= THE PROBLEM =
Go through the entries below. Copy each line in which "Variables" appears.

--- GIVEN DATA Enclosed Below ---

(* Let $f:\mathcal{X}\to\mathbb{R}$ be any function, let $\varphi:\mathcal{X}\to\mathcal{X}$ be any map, and let $\mathcal{A}\subset\mathcal{X}$ be a finite set such that $D:=\sum_{x\in\mathcal{A}}|f(\varphi(x))-f(x)|^2\neq 0$. Define $$WCM(\varphi;f):=1-\sqrt{\frac{\min_{\pi\in \Pi(\mathcal{A})}\sum_{x\in\mathcal{A}}|f(\varphi(\pi(x)))-f(x)|^2}{D}},$$ where $\Pi(\mathcal{A})$ is the set of all permutations (bijections) $\pi:\mathcal{A}\to\mathcal{A}$. Then $WCM(\varphi;f)\in[0,1]$. Moreover: (i) $WCM(\varphi;f)=0$ if and only if the natural pairing $\{(f(x),f(\varphi(x)))\}_{x\in\mathcal{A}}$ maximizes the covariance among all pairings $\{(f(x),f(\varphi(\pi(x))))\}_{x\in\mathcal{A}}$, $\pi\in\Pi(\mathcal{A})$ (equivalently, the identity permutation attains the minimum in the numerator); (ii) $WCM(\varphi;f)=1$ if and only if there exists a permutation $\pi\in\Pi(\mathcal{A})$ which is not the identity such that $f(x)=f(\varphi(\pi(x)))$ for every $x\in\mathcal{A}$; (iii) for every $\lambda>0$, $WCM(\varphi;f)=WCM(\varphi;\lambda f)$.
   Context: Here $f$ plays the role of a fixed black-box real-valued predictor, $\varphi$ a perturbation of inputs, and $\mathcal{A}$ a finite auditing set; $WCM$ is called the Wasserstein Coherence Metric. *)

From HB Require Import structures.
From mathcomp Require Import all_boot all_order all_algebra all_fingroup.
From mathcomp Require Import finmap.
Set Implicit Arguments. Unset Strict Implicit. Unset Printing Implicit Defensive.
Import Order.TTheory GRing.Theory Num.Theory.
Local Open Scope ring_scope.
Local Open Scope fset_scope.

Section WCM.
Variables (R : rcfType) (X : choiceType).
Implicit Types (f : X -> R) (phi : X -> X) (A : {fset X}).

Definition wcm_cost f phi A (p : {perm A}) : R :=
  \sum_(x : A) (f (phi (val (p x))) - f (val x)) ^+ 2.

Definition wcm_D f phi A : R := wcm_cost f phi (1%g : {perm A}).

(* minimum over all permutations of A (the identity is among them) *)
Definition wcm_min f phi A : R :=
  \big[Num.min/wcm_D f phi A]_(p : {perm A}) wcm_cost f phi p.

Definition WCM f phi A : R := 1 - Num.sqrt (wcm_min f phi A / wcm_D f phi A).

Definition pairing_cov f phi A (p : {perm A}) : R :=
  let n := (#|{: A}|)%:R in
  (\sum_(x : A) f (val x) * f (phi (val (p x)))) / n
  - ((\sum_(x : A) f (val x)) / n) * ((\sum_(x : A) f (phi (val (p x)))) / n).

End WCM.

From HB Require Import structures.
From mathcomp Require Import all_boot all_order all_algebra all_fingroup.
From mathcomp Require Import finmap.
From mathcomp Require Import ring.
Set Implicit Arguments. Unset Strict Implicit. Unset Printing Implicit Defensive.
Import Order.TTheory GRing.Theory Num.Theory.
Local Open Scope ring_scope.
Local Open Scope fset_scope.

(* Expanding the square, the cost of a pairing p is
   sum (f o phi)^2 + sum f^2 - 2 sum f (f o phi o p), and the two squared sums,
   like the means entering the covariance, do not depend on p.  Hence minimising
   the cost is maximising the cross term, i.e. the covariance.  The ratio
   min / D lies in [0, 1]; WCM = 0 when the identity is optimal, and WCM = 1
   when some pairing has cost 0, a pairing which cannot be the identity since
   D <> 0.  Scaling f by lam multiplies every cost by lam^2, which cancels in
   the ratio. *)

Section OneSubSqrtRatio.
Variables (R : rcfType) (m D : R).
Hypotheses (D_gt0 : 0 < D) (m_ge0 : 0 <= m) (m_leD : m <= D).

Let ratio_ge0 : 0 <= m / D. Proof. by rewrite divr_ge0 // ltW. Qed.

Lemma one_sub_sqrt_ratio_itv : 0 <= 1 - Num.sqrt (m / D) <= 1.
Proof.
rewrite subr_ge0 lerBlDr lerDl sqrtr_ge0 andbT.
by rewrite -(sqrtr1 R) ler_sqrt // ler_pdivrMr // mul1r.
Qed.

Lemma one_sub_sqrt_ratio_eq0 : 1 - Num.sqrt (m / D) = 0 <-> m = D.
Proof.
split=> [/eqP|->]; last by rewrite divff ?gt_eqF // sqrtr1 subrr.
rewrite subr_eq0 eq_sym -(sqrtr1 R) eqr_sqrt // => /eqP/(congr1 ( *%R^~ D)).
by rewrite mulfVK ?gt_eqF // mul1r.
Qed.

Lemma one_sub_sqrt_ratio_eq1 : 1 - Num.sqrt (m / D) = 1 <-> m = 0.
Proof.
split=> [|->]; last by rewrite mul0r sqrtr0 subr0.
move=> /eqP; rewrite subr_eq addrC -subr_eq subrr eq_sym sqrtr_eq0.
by rewrite ler_pdivrMr // mul0r => m_le0; apply/eqP; rewrite eq_le m_le0 m_ge0.
Qed.

End OneSubSqrtRatio.

Section PairingCost.
Variables (R : rcfType) (X : choiceType) (f : X -> R) (phi : X -> X).
Variable A : {fset X}.

Lemma wcm_cost_ge0 (p : {perm A}) : 0 <= wcm_cost f phi p.
Proof. by apply: sumr_ge0 => x _; apply: sqr_ge0. Qed.

Lemma wcm_cost1 : wcm_cost f phi (1%g : {perm A}) = wcm_D f phi A.
Proof. by []. Qed.

Lemma wcm_cost_eq0 (p : {perm A}) :
  wcm_cost f phi p = 0 <-> forall x : A, f (val x) = f (phi (val (p x))).
Proof.
split=> [cost0 x|fE]; last by apply: big1 => x _; rewrite -fE subrr expr0n.
have /eqP := psumr_eq0P (fun x _ => sqr_ge0 (f (phi (val (p x))) - f (val x)))
  cost0 (i := x) erefl.
by rewrite sqrf_eq0 subr_eq0 => /eqP.
Qed.

Lemma sum_perm (F : A -> R) (p : {perm A}) : \sum_(x : A) F (p x) = \sum_(x : A) F x.
Proof. by rewrite [RHS](reindex_inj (@perm_inj _ p)). Qed.

Lemma wcm_costE (p : {perm A}) : wcm_cost f phi p =
  \sum_(x : A) f (phi (val x)) ^+ 2 + \sum_(x : A) f (val x) ^+ 2
  - 2 * \sum_(x : A) f (val x) * f (phi (val (p x))).
Proof.
rewrite /wcm_cost -(sum_perm (fun x => f (phi (val x)) ^+ 2) p).
rewrite mulr_sumr -sumrN -!big_split /=.
by apply: eq_bigr => x _; ring.
Qed.

Lemma pairing_cov_le1 (p : {perm A}) : (0 < #|{: A}|)%N ->
  (pairing_cov f phi p <= pairing_cov f phi (1%g : {perm A})) =
  (wcm_cost f phi (1%g : {perm A}) <= wcm_cost f phi p).
Proof.
rewrite -(ltr0n R) => card_gt0.
rewrite /pairing_cov !(sum_perm (fun x => f (phi (val x)))) !wcm_costE.
by rewrite lerD2r ler_pM2r ?invr_gt0 // lerD2l lerN2 ler_pM2l.
Qed.

Lemma wcm_D_neq0_card_gt0 : wcm_D f phi A != 0 -> (0 < #|{: A}|)%N.
Proof.
apply: contraNT; rewrite -eqn0Ngt => /eqP/card0_eq A0.
by apply/eqP/big1 => x; have := A0 x; rewrite !inE.
Qed.

Lemma wcm_min_le (p : {perm A}) : wcm_min f phi A <= wcm_cost f phi p.
Proof. exact: bigmin_le. Qed.

Lemma wcm_min_attained : exists p : {perm A}, wcm_min f phi A = wcm_cost f phi p.
Proof.
apply: (big_ind (fun y => exists p : {perm A}, y = wcm_cost f phi p)).
- by exists 1%g.
- by move=> _ _ [p ->] [q ->]; rewrite /Num.min; case: ifP; [exists p|exists q].
- by move=> p _; exists p.
Qed.

Lemma wcm_min_ge0 : 0 <= wcm_min f phi A.
Proof. by have [p ->] := wcm_min_attained; apply: wcm_cost_ge0. Qed.

Lemma wcm_min_eqD : wcm_min f phi A = wcm_D f phi A <->
  forall p : {perm A}, wcm_cost f phi (1%g : {perm A}) <= wcm_cost f phi p.
Proof.
rewrite wcm_cost1; split=> [<-|D_min]; first exact: wcm_min_le.
have [p min_p] := wcm_min_attained.
by apply/eqP; rewrite eq_le -wcm_cost1 wcm_min_le min_p D_min.
Qed.

Lemma wcm_min_eq0 : wcm_min f phi A = 0 <-> exists p : {perm A}, wcm_cost f phi p = 0.
Proof.
split=> [|[p cost0]]; first by have [p ->] := wcm_min_attained; exists p.
by apply/eqP; rewrite eq_le wcm_min_ge0 -cost0 wcm_min_le.
Qed.

Lemma wcm_cost_scale (lam : R) (p : {perm A}) :
  wcm_cost (fun x => lam * f x) phi p = lam ^+ 2 * wcm_cost f phi p.
Proof. by rewrite /wcm_cost mulr_sumr; apply: eq_bigr => x _; ring. Qed.

Lemma wcm_min_scale (lam : R) :
  wcm_min (fun x => lam * f x) phi A = lam ^+ 2 * wcm_min f phi A.
Proof.
apply: (big_ind2 (fun a b => a = lam ^+ 2 * b)) => [||p _]; try exact: wcm_cost_scale.
by move=> a1 b1 a2 b2 -> ->; rewrite minr_pMr // sqr_ge0.
Qed.

Lemma WCM_scale (lam : R) : lam != 0 -> WCM f phi A = WCM (fun x => lam * f x) phi A.
Proof.
move=> lam_neq0; rewrite /WCM wcm_min_scale /wcm_D wcm_cost_scale -mulf_div.
by rewrite divff ?mul1r // sqrf_eq0.
Qed.

End PairingCost.

Theorem proposition2 (R : rcfType) (X : choiceType) (f : X -> R) (phi : X -> X)
    (A : {fset X}) :
  wcm_D f phi A != 0 ->
  [/\ 0 <= WCM f phi A <= 1,
      (WCM f phi A = 0 <->
         (forall p : {perm A}, pairing_cov f phi p <= pairing_cov f phi (1%g : {perm A}))),
      (WCM f phi A = 0 <->
         (forall p : {perm A}, wcm_cost f phi (1%g : {perm A}) <= wcm_cost f phi p)),
      (WCM f phi A = 1 <->
         (exists p : {perm A}, p != 1%g /\ forall x : A, f (val x) = f (phi (val (p x)))))
    & (forall lam : R, 0 < lam -> WCM f phi A = WCM (fun x => lam * f x) phi A)].
Proof.
move=> D_neq0.
have D_gt0 : 0 < wcm_D f phi A by rewrite lt0r D_neq0 -wcm_cost1 wcm_cost_ge0.
have m_ge0 : 0 <= wcm_min f phi A by exact: wcm_min_ge0.
have m_leD : wcm_min f phi A <= wcm_D f phi A by rewrite -wcm_cost1 wcm_min_le.
have WCM0 : WCM f phi A = 0 <->
    forall p : {perm A}, wcm_cost f phi (1%g : {perm A}) <= wcm_cost f phi p.
  by rewrite -wcm_min_eqD; apply: one_sub_sqrt_ratio_eq0.
split=> //.
- exact: one_sub_sqrt_ratio_itv.
- rewrite WCM0; have card_gt0 := wcm_D_neq0_card_gt0 D_neq0.
  by split=> le_p p; [rewrite pairing_cov_le1 | rewrite -pairing_cov_le1].
- rewrite /WCM one_sub_sqrt_ratio_eq1 // wcm_min_eq0.
  split=> [[p cost0]|[p [_ /(wcm_cost_eq0 f phi) cost0]]]; last by exists p.
  exists p; split; last exact/(wcm_cost_eq0 f phi).
  by apply: contraNneq D_neq0 => p1; rewrite -wcm_cost1 -p1 cost0.
- by move=> lam /gt_eqF/negbT; apply: WCM_scale.
Qed.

--- End of Enclosed GIVEN DATA ---

= EXPECTED ANSWER =
Variables (R : rcfType) (X : choiceType).
Variables (R : rcfType) (m D : R).
Variables (R : rcfType) (X : choiceType) (f : X -> R) (phi : X -> X).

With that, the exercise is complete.